How to use Hindi Model in RASA NLU?

2019-07-25 18:34发布

问题:

I have build my model for Hindi language using FastText with spacy backend. I followed this tutorial to to build my model using FastText.

This URL

I have also linked my model with spacy by following command

python -m spacy link nl_model hi

Model is linked successfully you can check in the image below

Now I am not finding any help for using hindi language, Like what kind of config files do I need to use, where to import hindi model and how to proceed now? I also have question like how our data.json file look like for the hindi and how we will use entities and intents, name of the entities and intents should also be in Hindi or in English? Can some one help to process further? I am stuck here. I have to build a ChatBot in hindi using RASA Stack only.

Thanks in advance....

回答1:

It seems that you have successfully learned hi model using spaCy. The next step is to write a config file like:

language: "hi"

pipeline:
- name: "tokenizer_whitespace"
- name: "ner_crf"
- name: "ner_synonyms"
- name: "intent_featurizer_count_vectors"
- name: "intent_classifier_tensorflow_embedding"

If your hi model which you just learned also have tokenizer, you can replace tokenizer_whitespace with tokenizer_spacy.

I should mention that the new intent classifier of rasa which is based on tensorflow does not need wordvectors of your hi model, it extract the wordevectors from scratch, see here. For the entity extraction you also don't need the hi model, just tokenizer do the stuffs for you! So, in overall, you can have your bot even without hi model!
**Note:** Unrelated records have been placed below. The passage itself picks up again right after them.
(* Let $U\subseteq\mathbb{R}^4$ be open with coordinates $(x^1,x^2,x^3,x^4)$ and let $a,b,p,q,s$ be real constants with $a^2+b^2\neq0$. Consider the Lorentzian metric $$g=2\,dx^1dx^4+(dx^2)^2+(dx^3)^2+\Big(x^4\big(a(x^2)^2+b(x^3)^2\big)+p(x^2)^2+2qx^2x^3+s(x^3)^2\Big)(dx^4)^2$$ on $U$. Then: (a) $(U,g)$ is Einstein if and only if it is Ricci flat, if and only if $b=-a$ and $s=-p$; (b) $(U,g)$ is conformally flat if and only if $b=a$, $s=p$ and $q=0$.
   Context: Einstein means $\varrho=c\,g$ for a real constant $c$, where $\varrho$ is the Ricci tensor; Ricci flat means $\varrho=0$; conformally flat means the Weyl tensor $W_{ijkh}=R_{ijkh}-\frac12(g_{ik}\varrho_{jh}+g_{jh}\varrho_{ik}-g_{ih}\varrho_{jk}-g_{jk}\varrho_{ih})+\frac{\tau}{6}(g_{ik}g_{jh}-g_{ih}g_{jk})$ vanishes identically, $\tau$ the scalar curvature. *)

From HB Require Import structures.
From mathcomp Require Import all_boot all_order all_algebra.
From mathcomp Require Import all_classical all_reals all_analysis.
Set Implicit Arguments. Unset Strict Implicit. Unset Printing Implicit Defensive.
Import Order.TTheory GRing.Theory Num.Theory.
Import numFieldNormedType.Exports.
Local Open Scope ring_scope.
Local Open Scope classical_set_scope.

Section Riem.
Variable R : realType.

(* Points of R^4 are row vectors; coordinate x^(k+1) is x 0 k, k : 'I_4. *)
Definition pt := 'rV[R]_4.

Definition evec (i : 'I_4) : pt := delta_mx 0 i.

Definition partial (i : 'I_4) (f : pt -> R) (x : pt) : R := 'D_(evec i) f x.

Definition metric := 'I_4 -> 'I_4 -> pt -> R.

Definition gmat (g : metric) (x : pt) : 'M[R]_4 := \matrix_(i, j) g i j x.

Definition ginv (g : metric) (i j : 'I_4) (x : pt) : R := invmx (gmat g x) i j.

Definition christoffel (g : metric) (k i j : 'I_4) (x : pt) : R :=
  2^-1 * \sum_(l < 4) ginv g k l x *
    (partial i (g j l) x + partial j (g i l) x - partial l (g i j) x).

(* R(d_i, d_j) d_k = \sum_m Rup i j k m d_m, with
   R(X,Y) = nabla_X nabla_Y - nabla_Y nabla_X - nabla_[X,Y] *)
Definition Rup (g : metric) (i j k m : 'I_4) (x : pt) : R :=
  partial i (christoffel g m j k) x - partial j (christoffel g m i k) x
  + \sum_(l < 4) (christoffel g l j k x * christoffel g m i l x
                  - christoffel g l i k x * christoffel g m j l x).

(* R_ijkh := g(R(d_i,d_j) d_h, d_k); with this convention the space forms
   satisfy R_ijkh = kappa (g_ik g_jh - g_ih g_jk), consistent with the Weyl
   tensor formula of the paper, and rho_jh = g^ik R_ijkh. *)
Definition Rm (g : metric) (i j k h : 'I_4) (x : pt) : R :=
  \sum_(m < 4) Rup g i j h m x * g m k x.

Definition ricci (g : metric) (j h : 'I_4) (x : pt) : R :=
  \sum_(i < 4) \sum_(k < 4) ginv g i k x * Rm g i j k h x.

Definition scal (g : metric) (x : pt) : R :=
  \sum_(j < 4) \sum_(h < 4) ginv g j h x * ricci g j h x.

Definition weyl (g : metric) (i j k h : 'I_4) (x : pt) : R :=
  Rm g i j k h x
  - 2^-1 * (g i k x * ricci g j h x + g j h x * ricci g i k x
            - g i h x * ricci g j k x - g j k x * ricci g i h x)
  + scal g x / 6%:R * (g i k x * g j h x - g i h x * g j k x).

Definition Einstein (g : metric) (U : set pt) : Prop :=
  exists c : R, forall x, U x -> forall i j, ricci g i j x = c * g i j x.

Definition RicciFlat (g : metric) (U : set pt) : Prop :=
  forall x, U x -> forall i j, ricci g i j x = 0.

Definition ConformallyFlat (g : metric) (U : set pt) : Prop :=
  forall x, U x -> forall i j k h, weyl g i j k h x = 0.
(* Let $G$ be a graph with an edge coloring $c$, and let $\mathcal{L}$ be the set of connected representing graphs of $(G,c)$. If $$\mathcal{C}_0=\bigcap_{L\in\mathcal{L}}\{c(e): e\in T(L)\}$$ is nonempty, then $(G,c)$ is a good edge coloring, witnessed by a connected representing graph $L^\ast$ and a set of cut edges $X\subseteq T(L^\ast)$ with $\mathcal{C}_0\subseteq c(X)$; that is, $X$ is nonempty, and every edge of $G$ joining two different components of $L^\ast - X$ has a color in $c(X)$.
   Context: A representing graph of a graph $G$ with edge coloring $c$ is a spanning subgraph of $G$ obtained by taking exactly one edge of each color used by $c$. For a set of edges $E$, $c(E)$ denotes the set of colors of edges in $E$. For a graph $L$, $T(L)$ denotes its set of cut edges (bridges). The pair $(G,c)$ is a good edge coloring if there is a connected representing graph $L$ of $G$ and a nonempty set of cut edges $X\subseteq T(L)$ such that each edge of $G$ between different components of $L-X$ is colored by a color in $c(X)$. *)

(* An edge colouring is a function from vertex
   pairs to a finite colour type K (only its values on edges matter). *)
From mathcomp Require Import all_boot.
Set Implicit Arguments. Unset Strict Implicit. Unset Printing Implicit Defensive.

Section Defs.
Variables (V K : finType).

Definition simple_edges (EG : {set {set V}}) : Prop :=
  forall e, e \in EG -> #|e| = 2.

Definition adj (F : {set {set V}}) : rel V := fun x y => [set x; y] \in F.

Definition sconnected (F : {set {set V}}) : Prop :=
  forall x y : V, connect (adj F) x y.

Definition components (F : {set {set V}}) : {set {set V}} :=
  [set [set y | connect (adj F) x y] | x : V].

Definition ncomp (F : {set {set V}}) : nat := #|components F|.

Definition cut_edges (F : {set {set V}}) : {set {set V}} :=
  [set e in F | ncomp F < ncomp (F :\ e)].

Definition colors (c : {set V} -> K) (E : {set {set V}}) : {set K} := c @: E.

Definition representing (EG : {set {set V}}) (c : {set V} -> K)
    (F : {set {set V}}) : Prop :=
  F \subset EG /\
  forall k, k \in colors c EG -> #|[set e in F | c e == k]| = 1.

Definition conn_representing EG c F : Prop :=
  representing EG c F /\ sconnected F.

Definition crossing_colored (EG : {set {set V}}) (c : {set V} -> K)
    (F X : {set {set V}}) : Prop :=
  forall x y : V, [set x; y] \in EG ->
    ~~ connect (adj (F :\: X)) x y -> c [set x; y] \in colors c X.

Definition good_coloring (EG : {set {set V}}) (c : {set V} -> K) : Prop :=
  exists F X, conn_representing EG c F /\ X != set0 /\
    X \subset cut_edges F /\ crossing_colored EG c F X.

Definition in_C0 (EG : {set {set V}}) (c : {set V} -> K) (k : K) : Prop :=
  forall F, conn_representing EG c F -> k \in colors c (cut_edges F).

End Defs.

From mathcomp Require Import all_boot zify.
Set Implicit Arguments. Unset Strict Implicit. Unset Printing Implicit Defensive.

(* Call a set D of colours tight if deleting the edges of G with a colour in D
   leaves more than |D| components.  A connected representing graph L shows that
   at most |D| + 1 components are left: it suffices to delete the |D| edges of L
   with these colours.  By submodularity of the number of components, tight sets
   are closed under union.  Every colour k of C0 lies in a tight set: otherwise,
   by Rado's theorem on rainbow spanning trees, G minus its k-coloured edges has
   a connected representing graph, and adding one k-coloured edge of G to it gives
   a connected representing graph of G in which the only edge of colour k is not
   a bridge.  Let D be the largest tight set and X the edges of L coloured in D.
   Removing X from L leaves |X| + 1 components, so every edge of X is a bridge,
   and an edge of G between two components of L - X with a colour outside D
   would merge two of them in G minus the D-coloured edges, against tightness. *)

Section Components.
Variable V : finType.
Implicit Types (A B E F H L S X : {set {set V}}) (e : {set V}).

Lemma adj_sym F : symmetric (adj F).
Proof. by move=> x y; rewrite /adj setUC. Qed.

Lemma connect_adj_sym F : connect_sym (adj F).
Proof. exact/sym_connect_sym/adj_sym. Qed.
The training data file should can be json or markdown as fully explained in doc. I think the name of your intents and entities should be in English but it is clear that the sample queries can be in any utf-8 language like hindi.

Then you can learn your model using different methods which explained in doc. for example:

python3 -m rasa_nlu.train \
    --config YOUR_CONFIG_FILE.yml \
    --data YOUR_TRAIN_DATA.json \
    --path PATH_TO_SAVE_MODEL

You can find a good quick start in doc.